WORK ITEM
Give back all of the data exactly. Leave nothing out.

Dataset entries
(* There exist a sequence $\{a_n\}_{n\in\mathbb Z}\in\ell^1(\mathbb Z)$ with $a_n>0$ for all $n$, and an infinite sequence $\{n_k\}_{k\ge1}\subset\mathbb N$ with $n_{k+1}>2n_k$ for all $k\ge1$, such that the entire functions $$h(z)=\sin\pi z\sum_{n\in\mathbb Z}\frac{a_n}{z-n},\qquad S(z)=\sin\pi z\sum_{n\in\mathbb Z}\frac{a_n^2}{z-n}$$ both vanish at the points $s_k=n_k+\tfrac12$, $k\in\mathbb N$, and $a_{n_k}=\alpha_kk^{-2}$ with $\alpha_k\in(1,3)$ for all $k\in\mathbb N$. *)

From Stdlib Require Import Reals ZArith Lra.
Open Scope R_scope.

(* Two-sided series over Z: sum_{n in Z} f n = l, enumerating Z as
   0, -1, 1, -2, 2, ... i.e. pairing f n with f (-n-1), n : nat. *)
Definition Zseries (f : Z -> R) (l : R) : Prop :=
  infinite_sum (fun n : nat => f (Z.of_nat n) + f (- Z.of_nat n - 1)%Z) l.

Definition ell1 (a : Z -> R) : Prop :=
  exists l : R, Zseries (fun n => Rabs (a n)) l.

Definition sin_series_value (c : Z -> R) (z v : R) : Prop :=
  exists l : R, Zseries (fun n => c n / (z - IZR n)) l /\ v = sin (PI * z) * l.

(* Take n_k = 2^(12 k).  Off the blocks {n_k - 1, n_k, n_k + 1, n_k + 2}
   (indexed by j = k - 1) put a_n = 4^(-|n|).  On block j put the values
   1/k^2 + eta_j, 2/k^2 + xi_j, 2/k^2 - xi_j, 1/k^2 - eta_j.  Seen from s_k, the own
   block contributes the linear forms 4 xi_j + 4/3 eta_j and (16 xi_j + 8/3 eta_j)/k^2
   to the two series, while all the rest (the remainder) is O(1/n_k) = O(1/k^4) and
   depends O(1/n_k)-Lipschitz on the parameters.  Solving the 2x2 systems with frozen
   remainders defines a correction map on the parameters which preserves the box
   |xi_j|, |eta_j| <= 1/(2k^2) and halves the weighted sup-distance; its fixed point
   yields the sequence. *)

From Stdlib Require Import Reals ZArith Lra Lia.
From Coquelicot Require Import Series.
Open Scope R_scope.

Lemma Rabs_le_between (x y : R) : Rabs x <= y -> - y <= x <= y.
Proof. unfold Rabs; destruct (Rcase_abs x); intros; lra. Qed.

Lemma div_bound (v x V X : R) : Rabs v <= V -> 0 < X -> X <= Rabs x -> Rabs (v / x) <= V / X.
Proof.
  intros Hv HX Hx. unfold Rdiv. rewrite Rabs_mult, Rabs_inv.
  apply Rmult_le_compat; [apply Rabs_pos | left; apply Rinv_0_lt_compat; lra | exact Hv |].
  apply Rinv_le_contravar; lra.
Qed.

Lemma sum_bound (f : nat -> R) (n : nat) (c : R) :
  (forall d, (d <= n)%nat -> Rabs (f d) <= c) -> Rabs (sum_f_R0 f n) <= INR (S n) * c.
Proof.
  intro H. eapply Rle_trans; [apply sum_f_R0_triangle|].
  rewrite Rmult_comm, <- sum_cte. apply sum_Rle; exact H.
Qed.

Lemma cv_const (c : R) : Un_cv (fun _ => c) c.
Proof. intros eps He; exists 0%nat; intros n _; unfold Rdist; rewrite Rminus_diag, Rabs_R0; lra. Qed.

Lemma series_ext (u v : nat -> R) (l : R) :
  (forall n, u n = v n) -> infinite_sum u l -> infinite_sum v l.
Proof. intros E; apply Un_cv_ext; intro n; apply sum_eq; auto. Qed.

EXERCISE RESPONSE
(* There exist a sequence $\{a_n\}_{n\in\mathbb Z}\in\ell^1(\mathbb Z)$ with $a_n>0$ for all $n$, and an infinite sequence $\{n_k\}_{k\ge1}\subset\mathbb N$ with $n_{k+1}>2n_k$ for all $k\ge1$, such that the entire functions $$h(z)=\sin\pi z\sum_{n\in\mathbb Z}\frac{a_n}{z-n},\qquad S(z)=\sin\pi z\sum_{n\in\mathbb Z}\frac{a_n^2}{z-n}$$ both vanish at the points $s_k=n_k+\tfrac12$, $k\in\mathbb N$, and $a_{n_k}=\alpha_kk^{-2}$ with $\alpha_k\in(1,3)$ for all $k\in\mathbb N$. *)

From Stdlib Require Import Reals ZArith Lra.
Open Scope R_scope.

(* Two-sided series over Z: sum_{n in Z} f n = l, enumerating Z as
   0, -1, 1, -2, 2, ... i.e. pairing f n with f (-n-1), n : nat. *)
Definition Zseries (f : Z -> R) (l : R) : Prop :=
  infinite_sum (fun n : nat => f (Z.of_nat n) + f (- Z.of_nat n - 1)%Z) l.

Definition ell1 (a : Z -> R) : Prop :=
  exists l : R, Zseries (fun n => Rabs (a n)) l.

Definition sin_series_value (c : Z -> R) (z v : R) : Prop :=
  exists l : R, Zseries (fun n => c n / (z - IZR n)) l /\ v = sin (PI * z) * l.

(* Take n_k = 2^(12 k).  Off the blocks {n_k - 1, n_k, n_k + 1, n_k + 2}
   (indexed by j = k - 1) put a_n = 4^(-|n|).  On block j put the values
   1/k^2 + eta_j, 2/k^2 + xi_j, 2/k^2 - xi_j, 1/k^2 - eta_j.  Seen from s_k, the own
   block contributes the linear forms 4 xi_j + 4/3 eta_j and (16 xi_j + 8/3 eta_j)/k^2
   to the two series, while all the rest (the remainder) is O(1/n_k) = O(1/k^4) and
   depends O(1/n_k)-Lipschitz on the parameters.  Solving the 2x2 systems with frozen
   remainders defines a correction map on the parameters which preserves the box
   |xi_j|, |eta_j| <= 1/(2k^2) and halves the weighted sup-distance; its fixed point
   yields the sequence. *)

From Stdlib Require Import Reals ZArith Lra Lia.
From Coquelicot Require Import Series.
Open Scope R_scope.

Lemma Rabs_le_between (x y : R) : Rabs x <= y -> - y <= x <= y.
Proof. unfold Rabs; destruct (Rcase_abs x); intros; lra. Qed.

Lemma div_bound (v x V X : R) : Rabs v <= V -> 0 < X -> X <= Rabs x -> Rabs (v / x) <= V / X.
Proof.
  intros Hv HX Hx. unfold Rdiv. rewrite Rabs_mult, Rabs_inv.
  apply Rmult_le_compat; [apply Rabs_pos | left; apply Rinv_0_lt_compat; lra | exact Hv |].
  apply Rinv_le_contravar; lra.
Qed.

Lemma sum_bound (f : nat -> R) (n : nat) (c : R) :
  (forall d, (d <= n)%nat -> Rabs (f d) <= c) -> Rabs (sum_f_R0 f n) <= INR (S n) * c.
Proof.
  intro H. eapply Rle_trans; [apply sum_f_R0_triangle|].
  rewrite Rmult_comm, <- sum_cte. apply sum_Rle; exact H.
Qed.

Lemma cv_const (c : R) : Un_cv (fun _ => c) c.
Proof. intros eps He; exists 0%nat; intros n _; unfold Rdist; rewrite Rminus_diag, Rabs_R0; lra. Qed.

Lemma series_ext (u v : nat -> R) (l : R) :
  (forall n, u n = v n) -> infinite_sum u l -> infinite_sum v l.
Proof. intros E; apply Un_cv_ext; intro n; apply sum_eq; auto. Qed.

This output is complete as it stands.